There’s something unsettling about the way Hope says this—she sounds like someone who’s noticed the first crack in the snow as it becomes an avalanche, like if she keeps her voice calm enough it will stop the town below from being buried. She stands facing the far wall, muscles stiff and rigid. In this meager light, I can’t quite see what she’s found.
“The shadows,” she says, in that same careful tone. “I think they’re alive.”
I hear them before I see them: the scuttle of thousands of tiny limbs, the click-clack of shells as they scurry haphazardly down the wall. It’s like a waterfall, this mass of beetles, this thick and heavy and determined swarm that pours toward the floor over every inch of the stone walls. More and more spill out through the cracks, thick bodies materializing through the thinnest gaps. The floor is a black, shimmery carpet now. It’s hard to move without the crunch of life underfoot.
“I think maybe it’s time to get out of here.” My attempt at replicating Hope’s careful voice comes down like my heels on the beetles’ heads—sudden, blunt, final.
“They’re on me!” Hope shrieks, shaking her leg. Several fall off, but more climb up in their place. “I think they’re trying to eat me!”
Beetles don’t eat people, is all I can think. I’ve scoured Dad’s field guide more times than I can count, and beetles are not listed in the dangerous insects section.

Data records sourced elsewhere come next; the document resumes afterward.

(* Let $S\subset\mathbb{R}^p$ be a compact set with $\mathrm{cl}(\mathrm{int}(S))=S$ and let $\mu_S$ be the uniform probability measure on $S$. Let $\mathbf{x}\notin S$ and let $\delta$ be such that $\mathrm{dist}(\mathbf{x},S)\ge\delta$. Then for every positive integer $d$, \[s(d)\,\Lambda_{\mu_S,d}(\mathbf{x})\le 2^{3-\frac{\delta d}{\delta+\mathrm{diam}(S)}}\,d^p\left(\frac{e}{p}\right)^p\exp\left(\frac{p^2}{d}\right).\]
   Context: $\mu_S=\lambda_S/\lambda(S)$ where $\lambda_S$ is the restriction of Lebesgue measure to $S$; $\mathrm{diam}(S)$ is the diameter of $S$; $s(d)=\binom{p+d}{d}$. For a finite Borel measure $\nu$ with finite moments, $\Lambda_{\nu,d}(\xi)=\min\{\int P^2\,d\nu: P\in\mathbb{R}[X]_d,\ P(\xi)=1\}$, where $\mathbb{R}[X]_d$ is the space of real polynomials in $p$ variables of total degree at most $d$. *)

From HB Require Import structures.
From mathcomp Require Import all_boot all_order all_algebra.
From mathcomp Require Import all_classical all_reals all_analysis.
From mathcomp Require mpoly.
Set Implicit Arguments. Unset Strict Implicit. Unset Printing Implicit Defensive.
Import Order.TTheory GRing.Theory Num.Theory.
Import numFieldNormedType.Exports.
Local Open Scope classical_set_scope.
Local Open Scope ring_scope.

Section Defs.
Variable R : realType.

(* Iterated Lebesgue integral over R^n (coordinates as an n-tuple).
   For nonnegative Borel functions this is the integral w.r.t. the
   n-dimensional Lebesgue measure (Tonelli). *)
Fixpoint iter_lebesgue (n : nat) : (n.-tuple R -> \bar R) -> \bar R :=
  match n return (n.-tuple R -> \bar R) -> \bar R with
  | 0 => fun f => f [tuple]
  | n'.+1 => fun f =>
      (\int[@lebesgue_measure R]_x iter_lebesgue (fun t : n'.-tuple R => f [tuple of x :: t]))%E
  end.

Definition lebesgue_int (p : nat) (f : 'rV[R]_p -> \bar R) : \bar R :=
  iter_lebesgue (fun t : p.-tuple R => f (\row_i tnth t i)).

Definition leb_vol (p : nat) (S : set 'rV[R]_p) : \bar R :=
  lebesgue_int (fun x => (\1_S x)%:E).

Definition eucl_dist (p : nat) (x y : 'rV[R]_p) : R :=
  Num.sqrt (\sum_(i < p) (x ord0 i - y ord0 i) ^+ 2).

Definition diam (p : nat) (S : set 'rV[R]_p) : R :=
  sup [set eucl_dist x y | x in S & y in S].

Definition dist_set (p : nat) (x : 'rV[R]_p) (S : set 'rV[R]_p) : R :=
  inf [set eucl_dist x y | y in S].

Definition peval (p : nat) (P : mpoly.mpoly p R) (x : 'rV[R]_p) : R :=
  mpoly.meval (fun i => x ord0 i) P.

Definition deg_le (p : nat) (d : nat) (P : mpoly.mpoly p R) : bool :=
  (\max_(m <- mpoly.msupp P) (mpoly.mdeg m).+1 <= d.+1)%N.

(* int P^2 d mu_S, mu_S = lambda_S / lambda(S) *)
Definition int_sq_unif (p : nat) (S : set 'rV[R]_p) (P : mpoly.mpoly p R) : \bar R :=
  (lebesgue_int (fun x => (\1_S x * (peval P x) ^+ 2)%:E)
     * ((fine (leb_vol S))^-1)%:E)%E.

Definition christoffel_unif (p : nat) (S : set 'rV[R]_p) (d : nat) (xi : 'rV[R]_p) : \bar R :=
  ereal_inf [set int_sq_unif S P | P in [set P : mpoly.mpoly p R | deg_le d P /\ peval P xi = 1]].

Definition sdim (p d : nat) : nat := 'C(p + d, d).

End Defs.

(* For any polynomial P of degree at most d with P(x) = 1, the Christoffel function is at most
   the supremum of P^2 on S, since mu_S is a probability measure.  With a := dist(x, S) and
   b >= a + diam S, the set S lies in the annulus a <= |y - x| <= b.  The affine function
   L(y) = (a^2 + b^2 - 2|y - x|^2) / (b^2 - a^2) maps the annulus into [-1, 1] and x to
   (w + 1/w)/2 with w = (b + a)/(b - a), so P = T_k(L) / T_k(L(x)), with T_k the Chebyshev
   polynomial and k = d/2 rounded down, satisfies P^2 <= 4 w^(-2k) on S.  Choosing b with
   1/w <= 2^(-delta/(delta + diam S)) yields the power of 2, and
   s(d) = C(p + d, p) <= (p + d)^p / p! <= d^p e^(p^2/d) (e/p)^p yields the remaining factor. *)

From HB Require Import structures.
From mathcomp Require Import all_boot all_order all_algebra.
From mathcomp Require Import all_classical all_reals all_analysis.
From mathcomp Require Import ring lra zify.
From mathcomp Require mpoly.
Set Implicit Arguments. Unset Strict Implicit. Unset Printing Implicit Defensive.
Import Order.TTheory GRing.Theory Num.Theory.
Import numFieldNormedType.Exports.
Local Open Scope classical_set_scope.
Local Open Scope ring_scope.

(* The integrands met below (iterated integrals, indicators of an arbitrary set S) are not
   known to be measurable, so monotonicity and homogeneity are derived from the definition of
   the integral as a supremum over simple functions. *)
Section integral_without_measurability.
Local Open Scope ereal_scope.
Context {d : measure_display} {T : measurableType d} {R : realType}.
Variable mu : {measure set T -> \bar R}.
Import HBNNSimple.

Lemma ge0_le_integralT (f g : T -> \bar R) : (forall x, 0 <= f x) ->
  (forall x, f x <= g x) -> \int[mu]_x f x <= \int[mu]_x g x.
Proof.
move=> f0 fg; rewrite !ge0_integralE// => [|x _]; last exact: le_trans (fg x).
apply: ereal_sup_le => _ [h hf <-]; exists h => //= x.
by apply: le_trans (hf x) _; rewrite !patch_setT.
Qed.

Yet, for the most part, they swarm past Alexa’s ankles, and they swarm past mine. They climb up Hope, on her right leg only, and not even all the way up to her knee.
They stop at the thin line of dried blood on her shin.

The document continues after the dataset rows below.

Lemma esup_norm_powR_le_lincomb (f s t u : Psi -> R) (a b : R) : (0 <= a)%R -> (0 <= b)%R ->
  (forall psi, `|f psi| `^ nu <= a * `|s psi| `^ nu + b * (`|t psi| `^ nu + `|u psi| `^ nu))%R ->
  esup f <= a%:E * esup s + b%:E * (esup t + esup u).
Proof.
move=> a0 b0 fstu; apply: ge_ereal_sup => _ [psi _ <-].
have ub (h : Psi -> R) : (`|h psi| `^ nu)%:E <= esup h.
  by apply: ereal_sup_ubound; exists psi.
apply: le_trans (_ : a%:E * (`|s psi| `^ nu)%:E +
  b%:E * ((`|t psi| `^ nu)%:E + (`|u psi| `^ nu)%:E) <= _).
  by rewrite -!EFinM -!EFinD lee_fin.
by rewrite leeD ?lee_wpmul2l ?leeD ?lee_fin ?ub.
Qed.

End SupremumOverPsi.

Lemma exists_balanced_split (R : realType) (h h' : nat -> R) (i j : nat) (c : R) :
  (i <= j)%N -> (forall m, (i <= m < j)%N -> h m + h' m <= 2 * c) ->
  exists m, [/\ (i <= m <= j)%N, ((i < m)%N -> h m.-1 <= c) & ((m < j)%N -> h' m <= c)].
Proof.
move=> ij hh'.
have [exc|nexc] := pselect (exists m, (i <= m <= j)%N && (c < h m)).
  case: (ex_minnP exc) => m /andP[/andP[im mj] cm] minm.
  exists m; split => [|im'|mj']; first by rewrite im mj.
    rewrite leNgt; apply/negP => cm'.
    have : (m <= m.-1)%N by apply: minm; rewrite cm' andbT; lia.
    lia.
  by have := hh' m; rewrite im mj' => /(_ isT); lra.
exists j; rewrite ij leqnn ltnn; split => // ij'.
by rewrite leNgt; apply/negP => cj; apply: nexc; exists j.-1; rewrite cj andbT; lia.
Qed.

Section Constants.
Variables (R : realType) (alpha nu Q : R).

Definition moricz_kappa : R := Q `^ (alpha / nu) / 2 `^ ((alpha - 1) / nu).

Definition moricz_constant : R := (1 - moricz_kappa) `^ (- nu).

Hypotheses (alpha_gt0 : 0 < alpha) (nu_gt0 : 0 < nu) (Q_gt0 : 0 < Q).

Lemma moricz_kappa_gt0 : 0 < moricz_kappa.
Proof. by rewrite divr_gt0 // powR_gt0. Qed.

Lemma moricz_kappa_lt1 : Q < 2 `^ ((alpha - 1) / alpha) -> moricz_kappa < 1.
Proof.
move=> Qlt; rewrite ltr_pdivrMr ?powR_gt0 // mul1r.
have -> : 2 `^ ((alpha - 1) / nu) = (2 `^ ((alpha - 1) / alpha)) `^ (alpha / nu).
  by rewrite -powRrM; congr (_ `^ _); field; rewrite !gt_eqF.
by apply: gt0_ltr_powR; rewrite ?divr_gt0 ?nnegrE ?powR_ge0 ?ltW.
Qed.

Hope brushes more beetles away, and a fresh trickle of red drips down her leg. She wipes that away, too, staining the heel of her hand. More beetles scurry up, frenzied.
They live for blood, I realize.
And not only that: they look well fed.
TWENTY-FIVE
“CLIMB ON MY back,” I say. “It’ll be harder for them to get to you.”
Hope’s thin frame isn’t as light as it looks. Then again, she looks like dandelion wisps that could be blown away by a child, so I shouldn’t be surprised that her bones and flesh and spirit pack more weight than is visible.
The beetles are already onto our attempt to outsmart them: they scurry up my legs, each tiny step like a freshly sterilized needle on my skin.
“Alexa”—I’m breathless from kicking them off, stomping on more, trying not to lose my balance—“grab the last two strips of fabric from my pocket. Use one to wipe the blood from Hope’s leg, and tie the other around it to keep them off!” Kick, kick, stomp, stomp. “Toss the bloody one on the ground—maybe it’ll throw them off enough to give us a head start.”
Alexa throws the rag several feet from where we’re standing, and it works, at least for a few glorious seconds.
“Run!” I say, trampling over the horde of beetles as they swarm in the opposite direction, toward the rag.
A few stragglers—the smart ones—keep trying to climb up my legs, but I kick them off. Alexa and I run, back into the dark and winding tunnel, as fast as I can manage with Hope on my back. I try not to think about the blackness, about the click-clack scuttle that follows us, about the silent things that could be even more dangerous, or even deadly. I try not to think about how very, very far off the temple is from everything I so desperately wanted it to be.